Although a blade grinder can save you money in the near term, you will be sacrificing excellent coffee. Blade grinders, in general, do not last long, therefore you will have to replace them often.

We believe it is wiser to save your money and get a conical burr grinder. You’ll be astonished at how much better your final cup of coffee tastes after switching from a blade to a burr grinder.

It’s worth the additional money to have a device that’s dependable, long-lasting, and capable of dependably producing a wonderful brew.


What is the advantage of a burr coffee grinder?

The main benefit of a burr coffee grinder is that it grinds beans to a consistent particle size. This results in a nicer cup of coffee, reduces clogging issues, and allows you to grind beans to the coarseness or fineness that best matches the kind of coffee or espresso machine you’re using.

Should I use a blade grinder for coffee?

A blade coffee grinder should enough for most individuals who just want a good cup of coffee and are willing to change their grinding method. This is particularly true if you’re using a drip coffee machine with paper filters, since tiny variations in grind won’t have as big of an impact on the final brew.

Do I really need a burr grinder for espresso?

A burr grinder is required if you want a consistency that will improve the flavor of your coffee and allow for smooth espresso pours. Burr grinders smash just a few beans at a time, ensuring that all grinds have the same thickness. They are the perfect coffee and espresso grinding accessory.

Does the type of coffee grinder make a difference?

The kind of grinder you use makes a tremendous impact, and a good grinder may drastically change the flavor of your coffee. The coffee grinder you use has a significant impact on the coarseness and consistency of the coffee grounds, which is critical to the intensity and bitterness of the coffee.

Is burr grinder better than blade?

When it comes to grind size and taste, most coffee enthusiasts would tell you that a burr grinder is significantly better. Burr mills, although more costly than blade grinders, are well-known for their consistency, quality, and general uniformity.

What happens if you put ground coffee in a burr grinder?

Coffee Grounds Regrinding Will Clog Your Grinder

The grounds will not pass through your grinder like entire beans, resulting in espresso grounds.

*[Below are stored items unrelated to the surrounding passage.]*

(* Let $(h_n)_{n\ge1}$ be a sequence taking values in a finite set of maps of the form $h(z)=az+b$ with $a>0$ and $\operatorname{Re}(b)>0$; write $h_n(z)=a_nz+b_n$, and let $H_n=h_1\cdots h_n$. Then $(H_n)$ is of limit-disc type if and only if $\sum_{n=1}^\infty a_1a_2\cdots a_n<+\infty$. Furthermore, if $(H_n)$ is of limit-disc type and converges ideally to a point $q$, then $q\neq\infty$.
   Context: $\mathbb{K}$ is the open right half-plane $\{\operatorname{Re}z>0\}$; each $h_n$ maps $\mathbb{K}$ strictly inside itself. $(H_n)$ is of limit-disc type if $\bigcap_n H_n(\overline{\mathbb{K}})$ (closures in $\overline{\mathbb{C}}$) is a disc (of positive chordal radius), rather than a single point. Möbius maps act on $\mathbb{H}^3=\{(x,y,t):t>0\}$ via Poincaré extension, $j=(0,0,1)$; $(H_n)$ converges ideally to $q\in\overline{\mathbb{C}}$ if $H_n(j)\to q$ in the chordal metric. *)

From Stdlib Require Import Reals Lra List.
Open Scope R_scope.

Definition C := (R * R)%type.
Definition Re (z : C) : R := fst z.
Definition Im (z : C) : R := snd z.

(* Extended complex plane C ∪ {∞}: [None] is ∞. *)
Definition Chat := option C.

(* Points of R^3 = C × R, written (z, t); H^3 = {t > 0}. *)
Definition R3 := (C * R)%type.
Definition R3hat := option R3.

Definition sqn3 (x : R3) : R :=
  let '((a, b), t) := x in a * a + b * b + t * t.
Definition sub3 (x y : R3) : R3 :=
  let '((a, b), t) := x in let '((a', b'), t') := y in ((a - a', b - b'), t - t').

What is the best coffee grinding method?

Fresh grinds are essential for a great brew. You’ll need a coffee grinder for this. While blade grinders generate very fine grinds, Valerie, like most coffee connoisseurs, prefers a burr grinder. “An even grind promotes even extraction, which results in a smoother, cleaner-tasting cup of coffee,” adds Valerie.

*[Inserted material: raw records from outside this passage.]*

Lemma area_split p {c m d} : c <= m -> m <= d ->
  area p c d = area p c m + area p m d.
Proof. exact: sum_overlap_split. Qed.

Lemma area_term_ge0 p k {c d} : c <= d ->
  0 <= s k * overlap (p k).2 ((p k).2 + s k) c d.
Proof. by move=> cd; apply: mulr_ge0; [exact/ltW | exact: overlap_ge0]. Qed.

Lemma area_ge0 p {c d} : c <= d -> 0 <= area p c d.
Proof. by move=> cd; apply: sumr_ge0 => k _; apply: area_term_ge0. Qed.

Lemma area_le_window p {c d d'} : c <= d -> d <= d' -> area p c d <= area p c d'.
Proof. by move=> cd dd'; rewrite (area_split p cd dd') lerDl area_ge0. Qed.

Lemma area_le_sum_sq p {c d} : c <= d -> area p c d <= \sum_(k < n) s k * s k.
Proof.
move=> cd; apply: ler_sum => k _; apply: ler_wpM2l; first exact/ltW.
have le_top : (p k).2 <= (p k).2 + s k by rewrite lerDl ltW.
by have := overlap_le _ _ cd le_top; lra.
Qed.

Section OptimalPacking.
Context {p : 'I_n -> R * R} (p_packing : is_packing W s p).

(* No point lies in the interior of two squares. *)
Lemma packing_width_at t :
  \sum_(k < n) weight_at (p k).2 ((p k).2 + s k) (s k) t <= W.
Proof.
have [in_strip disj] := p_packing.
set w := fun k => weight_at (p k).2 ((p k).2 + s k) 1 t.
have -> : \sum_(k < n) weight_at (p k).2 ((p k).2 + s k) (s k) t =
          \sum_(k < n) w k * overlap (p k).1 ((p k).1 + s k) 0 W.
  apply: eq_bigr => k _; have [x0 [xW _]] := in_strip k.
  rewrite (overlap_full _ _ x0 _ xW); last by rewrite lerDl ltW.
  by rewrite [(p k).1 + _]addrC addrK /w /weight_at; case: ifP; rewrite ?mul1r ?mul0r.
rewrite -[leRHS]mul1r -[W in leRHS]subr0.
apply: sum_overlap_le => [|u _ _]; first exact: ltW.
apply: sumr_le1_single => [k|k k'].
  by rewrite /w /weight_at /=; repeat case: ifP => _; rewrite ?lexx ?ler01.
rewrite /w /weight_at /=.
case: ifP => [/andP[? ?]|]; last by rewrite eqxx.
case: ifP => [/andP[? ?] _|]; last by rewrite eqxx.
case: ifP => [/andP[? ?]|]; last by rewrite eqxx.
case: ifP => [/andP[? ?] _|]; last by rewrite eqxx.
apply/eqP; apply: contraT => /disj; rewrite /disj_int; lra.
Qed.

What is best for grinding coffee?

A burr grinder will produce substantially better coffee, but a simple blade grinder would suffice. In most circumstances, a blade grinder will enough for grinding coffee for a drip machine, French press, or pour-over.

What is the recommended grind for coffee?

Select a medium-coarse grind.

A medium-coarse grind is ideal for automated drip coffee. More coarse grinds will be under-extracted, resulting in a disappointingly weak cup of coffee, whilst too fine grinds will be over-extracted and bitter.

Does burr grinder make a big difference?

Using a burr grinder will dramatically enhance the quality of your coffee. Burr grinders produce less microscopic pieces, or fines, than blade grinders because they grind with pressure rather than by slicing the beans.